Gershbain emphasizes the variety of value pro bono work offers students. “First of all, it exposes students to the value of the pro bono ethic. It makes it more likely that they’ll go out into the profession prepared to make pro bono and community service a part of their everyday practice. It [also] provides law students with really important practical experiential learning opportunities while they’re in law school,” she says. “That provides them with training that in turn makes them more prepared to practise law.”

Wela Quan, a Canadian law school grad and an associate in Osler Hoskin & Harcourt LLP’s New York office, says the New York bar’s requirement will be good for U.S. law graduates since students are not required to complete articling there. Graduates are asked to pick an area of practice to work in without having done any practical legal training, she adds. Pro bono work “is an integral part of legal education because what you learn on the books and what you learn while you’re studying is so different from the actual practice, and you are missing a very, very big chunk coming out of law school not having done any actual legal work,” she says.

Quan sees the growing desire among students to do pro bono work as an overall shift taking place in the profession. “[B]y influencing and affecting students coming out of law school, future generations of lawyers will be more attuned and have more of a focus on [pro bono]. I think already the younger generation of students and people coming out of law school are very sensitive to that.”
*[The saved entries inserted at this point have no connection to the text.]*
Lemma blockU x : block x :|: block x.+1 = carc (vtx x) (vtx (x + m.+1)).
Proof.
have e1 : cdist (vtx x) (vtx (x + 1)) = A (x + 1) - A x by apply: cdist_vtx; lia.
have e5 : cdist (vtx x) (vtx (x + m.+1)) = A (x + m.+1) - A x by apply: cdist_vtx; lia.
rewrite addn1 in e1.
have := A_incr x; have := A_mono (_ : x + m <= x + m.+1).
have := A_mono (_ : x.+1 <= x + m) => step_pos end_mono inner_mono.
apply/setP => v; rewrite !inE !cdist_block /gap e5 addSnnS.
have tri := cdist_triangle (vtx x) (vtx x.+1) v.
apply/idP/idP; first by case/orP; lia.
case: (leqP (cdist (vtx x) v) (A x.+1 - A x)) => [vx|xv vm]; first by lia.
by have := @cdist_via _ (vtx x) (vtx x.+1) v; rewrite e1 => /(_ (ltnW xv)); lia.
Qed.

Lemma block_sub_step x : block x \subset carc (vtx x) (vtx x.+1) :|: block x.+1.
Proof.
apply/subsetP => v; rewrite !inE !cdist_block /gap => v_in.
have e1 : cdist (vtx x) (vtx (x + 1)) = A (x + 1) - A x by apply: cdist_vtx; lia.
rewrite addn1 in e1; rewrite e1.
case: (leqP (cdist (vtx x) v) (A x.+1 - A x)) => // xv.
have := @cdist_via _ (vtx x) (vtx x.+1) v; rewrite e1 => /(_ (ltnW xv)).
have := A_mono (_ : x + m <= x.+1 + m); have := A_incr x; lia.
Qed.

(* The part of the cycle not covered by blocks [x] and [x+1] is the inside
   of block [x + m + 1]. *)
Lemma cdist_blockU x : cdist (vtx x) (vtx (x + m.+1)) = n - gap (x + m.+1).
Proof.
rewrite cdist_vtx; last by lia.
rewrite /gap (_ : x + m.+1 + m = x + k); last by lia.
rewrite A_period.
by have := A_mono (_ : x <= x + m.+1); have := A_window x (_ : m.+1 < k); lia.
Qed.
Lemma unif_cont_family_mult G H : unif_cont_family G -> unif_cont_family H ->
  unif_cont_family (fun t x => G t x * H t x).
Proof.
  intros HG HH t0 Ht0. destruct (HG t0 Ht0) as [[M1 HM1] HG2]. destruct (HH t0 Ht0) as [[M2 HM2] HH2].
  assert (HM1' : forall x, Rabs (G t0 x) <= Rabs M1) by (intros x; pose proof (HM1 x); pose proof (Rle_abs M1); lra).
  assert (HM2' : forall x, Rabs (H t0 x) <= Rabs M2) by (intros x; pose proof (HM2 x); pose proof (Rle_abs M2); lra).
  split.
  - exists (Rabs M1 * Rabs M2). intros x. rewrite Rabs_mult. apply Rmult_le_compat; auto using Rabs_pos.
  - intros d Hd. set (S := Rabs M1 + Rabs M2 + 2).
    assert (HS : 0 < S) by (unfold S; pose proof (Rabs_pos M1); pose proof (Rabs_pos M2); lra).
    set (d1 := Rmin 1 (d / S)).
    assert (Hd1 : 0 < d1) by (apply Rmin_pos; [lra | apply Rdiv_lt_0_compat; lra]).
    assert (Hd1' : d1 <= 1 /\ d1 <= d / S) by (split; [apply Rmin_l | apply Rmin_r]).
    destruct (HG2 d1 Hd1) as [h1 [Hh1 H1]]. destruct (HH2 d1 Hd1) as [h2 [Hh2 H2]].
    exists (Rmin h1 h2). split; [apply Rmin_pos; auto|]. intros t Ht Htt x.
    pose proof (Rmin_l h1 h2). pose proof (Rmin_r h1 h2).
    specialize (H1 t Ht ltac:(lra) x). specialize (H2 t Ht ltac:(lra) x).
    pose proof (HM1' x). pose proof (HM2' x).
    replace (G t x * H t x - G t0 x * H t0 x) with ((G t x - G t0 x) * (H t x - H t0 x)
      + (G t x - G t0 x) * H t0 x + G t0 x * (H t x - H t0 x)) by ring.
    assert (Rabs ((G t x - G t0 x) * (H t x - H t0 x)) <= d1 * d1)
      by (rewrite Rabs_mult; apply Rmult_le_compat; auto using Rabs_pos; lra).
    assert (Rabs ((G t x - G t0 x) * H t0 x) <= d1 * Rabs M2)
      by (rewrite Rabs_mult; apply Rmult_le_compat; auto using Rabs_pos; lra).
    assert (Rabs (G t0 x * (H t x - H t0 x)) <= Rabs M1 * d1)
      by (rewrite Rabs_mult; apply Rmult_le_compat; auto using Rabs_pos; lra).
    assert (d1 * S <= d) by (apply Rle_trans with (d / S * S); [apply Rmult_le_compat_r; lra | right; field; lra]).
    assert (d1 * d1 <= d1) by nra.
    eapply Rle_lt_trans; [apply Rabs_triang|].
    eapply Rle_lt_trans; [apply Rplus_le_compat_r, Rabs_triang|]. unfold S in *. nra.
Qed.
(* For the three calculi on $\mathbb F_2[e,x]$ given by the algebras (A) $x\circ x=0$, (B) $x\circ x=x$, (C) $x\circ x=e+x$ (basis $e,x$, $e$ the unit), the quantum metrics are exactly: (A) $g_{A.I}=\mathrm de\otimes\mathrm dx+\mathrm dx\otimes\mathrm de$ and $g_{A.II}=\mathrm de\otimes\mathrm dx+\mathrm dx\otimes\mathrm de+\mathrm dx\otimes\mathrm dx$; (B) $g_B=\mathrm de\otimes\mathrm de+\mathrm de\otimes\mathrm dx+\mathrm dx\otimes\mathrm de$; (C) $g_{C.I}=\mathrm de\otimes\mathrm dx+\mathrm dx\otimes\mathrm de+\mathrm dx\otimes\mathrm dx$, $g_{C.II}=\mathrm de\otimes\mathrm de+\mathrm de\otimes\mathrm dx+\mathrm dx\otimes\mathrm de$, $g_{C.III}=\mathrm de\otimes\mathrm de+\mathrm dx\otimes\mathrm dx$. Moreover, the quantum Levi-Civita connections with constant coefficients, besides the zero connection $\nabla\mathrm de=\nabla\mathrm dx=0$ (with $\sigma$ the flip on generators), are exactly: for $g_{A.I}$: (1) $\nabla\mathrm de=\mathrm dx\otimes\mathrm dx,\ \nabla\mathrm dx=0$; (2) $\nabla\mathrm de=\mathrm dx\otimes\mathrm de+\mathrm de\otimes\mathrm dx,\ \nabla\mathrm dx=\mathrm dx\otimes\mathrm dx$; (3) $\nabla\mathrm de=\mathrm dx\otimes\mathrm de+\mathrm de\otimes\mathrm dx+\mathrm dx\otimes\mathrm dx,\ \nabla\mathrm dx=\mathrm dx\otimes\mathrm dx$; (4) $\nabla\mathrm de=0,\ \nabla\mathrm dx=\mathrm de\otimes\mathrm de$; (5) $\nabla\mathrm de=\mathrm de\otimes\mathrm dx+\mathrm dx\otimes\mathrm de,\ \nabla\mathrm dx=\mathrm de\otimes\mathrm de+\mathrm dx\otimes\mathrm dx$; for $g_{A.II}$: the connections (1), (2), (3) above; for $g_B$: $\nabla\mathrm de=0,\ \nabla\mathrm dx=\mathrm de\otimes\mathrm de$; for $g_{C.I}$: $\nabla\mathrm de=\mathrm de\otimes\mathrm dx+\mathrm dx\otimes\mathrm de+\mathrm dx\otimes\mathrm dx,\ \nabla\mathrm dx=\mathrm dx\otimes\mathrm dx$; for $g_{C.II}$: $\nabla\mathrm de=0,\ \nabla\mathrm dx=\mathrm de\otimes\mathrm de$; for $g_{C.III}$: $\nabla\mathrm de=\mathrm de\otimes\mathrm de+\mathrm dx\otimes\mathrm dx,\ \nabla\mathrm dx=\mathrm de\otimes\mathrm dx+\mathrm dx\otimes\mathrm de$. In all cases the map $\alpha$ in the decomposition $\nabla\omega=\theta\otimes\omega-\sigma(\omega\otimes\theta)+\alpha\omega$, $\theta=\mathrm de$, is zero.
   Context: Standing setup. Work over $\mathbb F_2$. Let $(V,\circ)$ be a commutative associative algebra over $\mathbb F_2$ with basis $x^1,\dots,x^n$ and structure constants $x^\mu\circ x^\nu=\sum_\rho V^{\mu\nu}{}_\rho x^\rho$. Let $A=\mathbb F_2[x^1,\dots,x^n]$ be the polynomial algebra on the same symbols. The associated differential calculus is the $A$-bimodule $\Omega^1$ which is free as a left $A$-module on $\mathrm dx^1,\dots,\mathrm dx^n$, with right action determined by $\mathrm dx^\mu\, x^\nu=x^\nu\,\mathrm dx^\mu+\sum_\rho V^{\mu\nu}{}_\rho\,\mathrm dx^\rho$, together with the unique map $\mathrm d:A\to\Omega^1$ satisfying the Leibniz rule $\mathrm d(ab)=(\mathrm da)b+a\,\mathrm db$, $\mathrm d(x^\mu)=\mathrm dx^\mu$, $\mathrm d1=0$. The bimodule $\Omega^1\otimes_A\Omega^1$ is free as a left module on $\mathrm dx^\mu\otimes\mathrm dx^\nu$. $\Omega^2$ is the quotient of $\Omega^1\otimes_A\Omega^1$ by the sub-bimodule generated by $\mathrm dx^\mu\otimes\mathrm dx^\mu$ and $\mathrm dx^\mu\otimes\mathrm dx^\nu+\mathrm dx^\nu\otimes \mathrm dx^\mu$; the quotient map is denoted $\wedge$, and $\mathrm d$ is extended to $\Omega^1$ by $\mathrm d(a\,\mathrm dx^\mu)=\mathrm da\wedge\mathrm dx^\mu$. A quantum metric is $g=\sum_{\mu,\nu}g_{\mu\nu}\mathrm dx^\mu\otimes\mathrm dx^\nu$ with constants $g_{\mu\nu}\in\mathbb F_2$, $g_{\mu\nu}=g_{\nu\mu}$, the matrix $(g_{\mu\nu})$ invertible, and $g$ central: $x^\rho g=g x^\rho$ for all $\rho$. A bimodule connection is a pair $(\nabla,\sigma)$ with $\nabla:\Omega^1\to\Omega^1\otimes_A\Omega^1$ additive, $\nabla(a\omega)=a\nabla\omega+\mathrm da\otimes\omega$, and $\sigma:\Omega^1\otimes_A\Omega^1\to\Omega^1\otimes_A\Omega^1$ a bimodule map with $\nabla(\omega a)=(\nabla\omega)a+\sigma(\omega\otimes\mathrm da)$. It has constant coefficients if $\nabla\mathrm dx^\mu=\sum\Gamma^\mu{}_{\nu\rho}\mathrm dx^\nu\otimes\mathrm dx^\rho$ with $\Gamma^\mu{}_{\nu\rho}\in\mathbb F_2$. A quantum Levi-Civita connection (QLC) for $g$ is a bimodule connection with $\sigma$ invertible, torsion free ($\wedge\nabla=\mathrm d$ on $\Omega^1$) and metric compatible ($(\nabla\otimes\mathrm{id})g+(\sigma\otimes\mathrm{id})(\mathrm{id}\otimes\nabla)g=0$). Its curvature is $R_\nabla=(\mathrm d\otimes\mathrm{id}-(\wedge\otimes\mathrm{id})(\mathrm{id}\otimes\nabla))\nabla:\Omega^1\to\Omega^2\otimes_A\Omega^1$. Here the basis is $x^1=e$, $x^2=x$. *)

From HB Require Import structures.
From mathcomp Require Import all_boot all_order all_algebra.
Set Implicit Arguments. Unset Strict Implicit. Unset Printing Implicit Defensive.
Import GRing.Theory.
Local Open Scope ring_scope.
Maclaren also predicts a change in the near future on how pro bono work is regarded in the profession. “There will be a culture shift that’s led by the newer generation of lawyers around pro bono services,” he says. “It’ll help the whole profession and give more credence and establishment to organized pro bono services.”

Older lawyers never had a system of organized pro bono services but younger lawyers and new grads are surrounded by it and therefore much more attuned to it. In fact, Maclaren says he is already seeing higher engagement levels from younger lawyers as Access Pro Bono’s sign-up rate for new and junior lawyers is much higher than senior lawyers. The law schools encouraging students to do pro bono work is definitely a contributing factor, he says, as there are more opportunities now to get involved.

Natalie Zinman, director of student programs in Gowling Lafleur Henderson LLP’s Toronto office, says the firm encourages all of its professionals to work on pro bono files, including its students whenever possible. “If students come into the practice of law having already had the benefit of doing pro bono work and seeing the value that it can provide — not only to them from a learning perspective but also to the clients that they help support — then I think that that can be very valuable,” she says.

At this year’s annual PBSC national training conference in Toronto in May, Matt Cohen, director of litigation projects at Pro Bono Law Ontario, said in order for pro bono work to be truly embraced law firms need to get onside, which is happening but at a slow pace. If students really get on board and do more public interest work, they can help create the change that is needed in the profession.